[Start of Attachment]

Definition type_at (q : lim_pt) (a : carrier A) : Prop := lim_set 0 (f a) q.

Lemma type_at_uf q : is_uf A (type_at q).
Proof.
  destruct (to_lim_surj q) as [m [y ->]]. unfold type_at.
  assert (E : forall a, lim_set 0 (f a) (to_lim m y) <-> lift_set 0 m (f a) y)
    by (intros; apply lim_set_to_lim; lia).
  destruct f_hom as [_ [Hm [Hc [Hb [Ht _]]]]].
  split; [|split; [|split; [|split]]].
  - rewrite E, Ht. apply lift_set_true; lia.
  - rewrite E, Hb. apply lift_set_false; lia.
  - intros a b. rewrite !E, Hm. intros Ha Ha'.
    apply (proj2 (lift_set_and 0 m (f a) (f b) y ltac:(lia))); auto.
  - intros a b Ha Hab. rewrite !E in *. apply (lift_set_mono 0 m (f a)); [lia| |exact Ha].
    intros w Hw. unfold ble in Hab. rewrite <- Hab, Hm in Hw. apply Hw.
  - intros a. rewrite !E, Hc. rewrite (lift_set_not 0 m (f a)) by lia. tauto.
Qed.

Definition type_of (q : lim_pt) : Uf A := exist _ (type_at q) (type_at_uf q).

Lemma uf_eq (u v : Uf A) : (forall a, proj1_sig u a -> proj1_sig v a) -> u = v.
Proof.
  intros H. destruct u as [u Hu], v as [v Hv]. apply subset_eq_compat. simpl in H.
  apply pred_ext. intros a. split; [apply H|]. intros Ha.
  destruct Hu as [_ [_ [_ [_ Hem]]]]. destruct (Hem a) as [Hu|Hu]; auto.
  destruct Hv as [_ [Hbot [Hmeet _]]]. apply H in Hu.
  destruct (Hbot ltac:(rewrite <- (meet_compl a); apply Hmeet; auto)).
Qed.

Lemma finite_meet_below (P Q : carrier A -> Prop) : P (btop A) ->
  (forall a b, P a -> P b -> P (bmeet A a b)) -> (forall a, Q a -> P a) ->
  forall l : list (fW F0 -> Prop), exists b, P b /\
    forall a, Q a -> In (f a) l -> subset (f b) (f a).
Proof.
  intros Ht Hm HQ l. induction l as [|S l [b [Hb Hbl]]].
  - exists (btop A). split; auto. intros a _ [].
  - destruct (classic (exists a, Q a /\ S = f a)) as [[a [Qa ->]]|N].
    + exists (bmeet A b a). split; auto.
      intros a' Qa' Ha' w Hw. destruct f_hom as [_ [E _]]. rewrite E in Hw.
      destruct Ha' as [Ha'|Ha']; [rewrite <- Ha'; apply Hw|apply (Hbl a'); auto; apply Hw].
    + exists b. split; auto. intros a' Qa' [Ha'|Ha']; [destruct N; eauto|auto].
Qed.

(* The witness at index [l] realises the finitely many members of [u] whose
   images are listed in [l]; fineness of [U0] makes the class realise all of [u]. *)
Lemma realize_uf n (Z : pt n -> Prop) (u : Uf A) :
  (forall b, proj1_sig u b -> exists w, Z w /\ lift_set 0 n (f b) w) ->
  exists y, lift_set n (S n) Z y /\ type_of (to_lim (S n) y) = u.
Proof.
  intros Hu. destruct u as [u Huf]. simpl in Hu.
  assert (Hc : forall l : list (fW F0 -> Prop), exists w : pt n,
             Z w /\ forall a, u a -> In (f a) l -> lift_set 0 n (f a) w).
  { intros l. destruct Huf as [Ht [_ [Hm _]]].
    destruct (finite_meet_below u u Ht Hm (fun a H => H) l) as [b [Hb Hbl]].
    destruct (Hu b Hb) as [w [Zw Hw]]. exists w. split; auto.
    intros a Ha Hin. apply (lift_set_mono 0 n (f b) (f a)); auto; lia. }
  destruct (dep_choice _ Hc) as [h Hh]. exists (cls h).
  rewrite lift_set_S, lift_set_refl by lia. split.
  - apply (star_cls _ _ HU0). apply (uf_all _ _ HU0). intros l. apply Hh.
  - symmetry. apply uf_eq. intros a Ha. simpl. unfold type_at.
    rewrite lim_set_to_lim, lift_set_S, (star_cls _ _ HU0) by lia.
    apply (uf_mono _ _ HU0 _ _ (U0_fine (f a))). intros l Hl. apply (proj2 (Hh l) a Ha Hl).
Qed.

Lemma type_of_surj (u : Uf A) : exists q, type_of q = u.
Proof.
  destruct (realize_uf 0 (fun _ => True) u) as [y [_ Hy]]; eauto.
  intros b Hb. apply NNPP. intros N. destruct (proj2_sig u) as [_ [Hbot _]].
  apply Hbot. replace (bbot A) with b; auto. apply f_inj.
  destruct f_hom as [_ [_ [_ [-> _]]]]. apply pred_ext. intros w.
  rewrite lift_set_refl in N. split; [intros Hw; apply N; eauto|simpl; tauto].
Qed.

Lemma type_of_to_lim n w a : proj1_sig (type_of (to_lim n w)) a <-> lift_set 0 n (f a) w.
Proof. apply lim_set_to_lim. lia. Qed.

Lemma type_of_box n x a :
  proj1_sig (type_of (to_lim n x)) (bbox A a) <-> fN (chain n) x (lift_set 0 n (f a)).
Proof.
  rewrite type_of_to_lim. destruct f_hom as [_ [_ [_ [_ [_ ->]]]]].
  apply (lift_set_nbhd 0 n (f a)). lia.
Qed.

Definition type_preimage (X : Uf A -> Prop) : lim_pt -> Prop := fun q => X (type_of q).

Lemma box_sigma_lim_nbhd q X : box_sigma A X (type_of q) -> lim_nbhd q (type_preimage X).
Proof.
  unfold box_sigma, bracket, closed_set.
  intros [K [[D HD] [HKX HKbox]]]. destruct (to_lim_surj q) as [n [x ->]].
  set (z := fun (l : list (fW F0 -> Prop)) (w : pt n) =>
              forall a, D a -> In (f a) l -> lift_set 0 n (f a) w).
  exists (S n), (lift n (S n) x), (internal _ U0 (fun _ => chain n) z).
  split; [symmetry; apply to_lim_lift; lia|]. split.
  - rewrite lift_S, lift_refl by lia.
    apply (uprod_nbhd_internal _ _ HU0 _ (fun _ => chain_monotonic n)).
    apply (internal_cls _ _ HU0 _ (fun l w => fN (chain n) w (z l))).
    apply (uf_all _ _ HU0). intros l.
    destruct (finite_meet_below (fun b => forall u, K u -> proj1_sig u b) D) with (l := l)
      as [b [Hb Hbl]].
    + intros u _. apply (proj2_sig u).
    + intros a b Ha Hb u Ku. apply (proj2_sig u); auto.
    + intros a Da u Ku. apply (proj1 (HD u) Ku a Da).
    + apply (chain_monotonic n _ (lift_set 0 n (f b))).
      * apply type_of_box, HKbox. exact Hb.
      * intros w Hw a Da Hin.
        exact (lift_set_mono 0 n (f b) (f a) ltac:(lia) (Hbl a Da Hin) w Hw).
  - intros q' Hq'. apply HKX, HD. intros d Dd. simpl. unfold type_at.
    rewrite <- (lim_set_lift_set 0 (S n)) by lia.
    revert q' Hq'. apply lim_set_mono. intros v Hv.
    rewrite lift_set_S by lia.
    apply (uf_mono _ _ HU0 _ _ (uf_and _ _ HU0 _ _ Hv (U0_fine (f d)))).
    intros l [Hz Hin]. exact (Hz d Dd Hin).
Qed.

Lemma lim_nbhd_box_sigma q X : lim_nbhd q (type_preimage X) -> box_sigma A X (type_of q).
Proof.
  unfold box_sigma, bracket, closed_set.
  intros [n [x [Z [-> [HN HZ]]]]].
  set (D := fun a => subset Z (lift_set 0 n (f a))).
  exists (fun u : Uf A => forall a, D a -> proj1_sig u a).
  split; [exists D; tauto|]. split.
  - intros u Ku.
    destruct (realize_uf n Z u) as [y [Hy <-]].
    + intros b Hb. apply NNPP. intros N.
      assert (Dc : D (bcompl A b)).
      { intros w Zw. destruct f_hom as [_ [_ [-> _]]].
        rewrite (lift_set_not 0 n (f b)) by lia. intros Hw. apply N; eauto. }
      destruct (proj2_sig u) as [_ [Hbot [Hm _]]].
      apply Hbot. rewrite <- (meet_compl b). apply Hm; auto.
    + apply HZ. rewrite lim_set_to_lim by lia. exact Hy.
  - intros a Ka. apply type_of_box. apply (chain_monotonic n _ _ _ HN).
    intros w Zw. apply type_of_to_lim, Ka. intros d Dd. apply type_of_to_lim, Dd, Zw.
Qed.

Lemma can_ext_embeds_limit : embeds (can_ext A) (cplx limit).
Proof.
  exists type_preimage. split.
  - repeat split. intros X. apply pred_ext. intros q.
    split; [exact (box_sigma_lim_nbhd q X)|exact (lim_nbhd_box_sigma q X)].
  - intros X Y E. apply pred_ext. intros u. destruct (type_of_surj u) as [q <-].
    change (type_preimage X q <-> type_preimage Y q). rewrite E. reflexivity.
Qed.
End UltrapowerChain.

[End of Attachment]

Exercise instructions:
Return, word for word, every line from the top of the entries down to the line that holds "destruct Hu as", both included.

Your response:
Definition type_at (q : lim_pt) (a : carrier A) : Prop := lim_set 0 (f a) q.

Lemma type_at_uf q : is_uf A (type_at q).
Proof.
  destruct (to_lim_surj q) as [m [y ->]]. unfold type_at.
  assert (E : forall a, lim_set 0 (f a) (to_lim m y) <-> lift_set 0 m (f a) y)
    by (intros; apply lim_set_to_lim; lia).
  destruct f_hom as [_ [Hm [Hc [Hb [Ht _]]]]].
  split; [|split; [|split; [|split]]].
  - rewrite E, Ht. apply lift_set_true; lia.
  - rewrite E, Hb. apply lift_set_false; lia.
  - intros a b. rewrite !E, Hm. intros Ha Ha'.
    apply (proj2 (lift_set_and 0 m (f a) (f b) y ltac:(lia))); auto.
  - intros a b Ha Hab. rewrite !E in *. apply (lift_set_mono 0 m (f a)); [lia| |exact Ha].
    intros w Hw. unfold ble in Hab. rewrite <- Hab, Hm in Hw. apply Hw.
  - intros a. rewrite !E, Hc. rewrite (lift_set_not 0 m (f a)) by lia. tauto.
Qed.

Definition type_of (q : lim_pt) : Uf A := exist _ (type_at q) (type_at_uf q).

Lemma uf_eq (u v : Uf A) : (forall a, proj1_sig u a -> proj1_sig v a) -> u = v.
Proof.
  intros H. destruct u as [u Hu], v as [v Hv]. apply subset_eq_compat. simpl in H.
  apply pred_ext. intros a. split; [apply H|]. intros Ha.
  destruct Hu as [_ [_ [_ [_ Hem]]]]. destruct (Hem a) as [Hu|Hu]; auto.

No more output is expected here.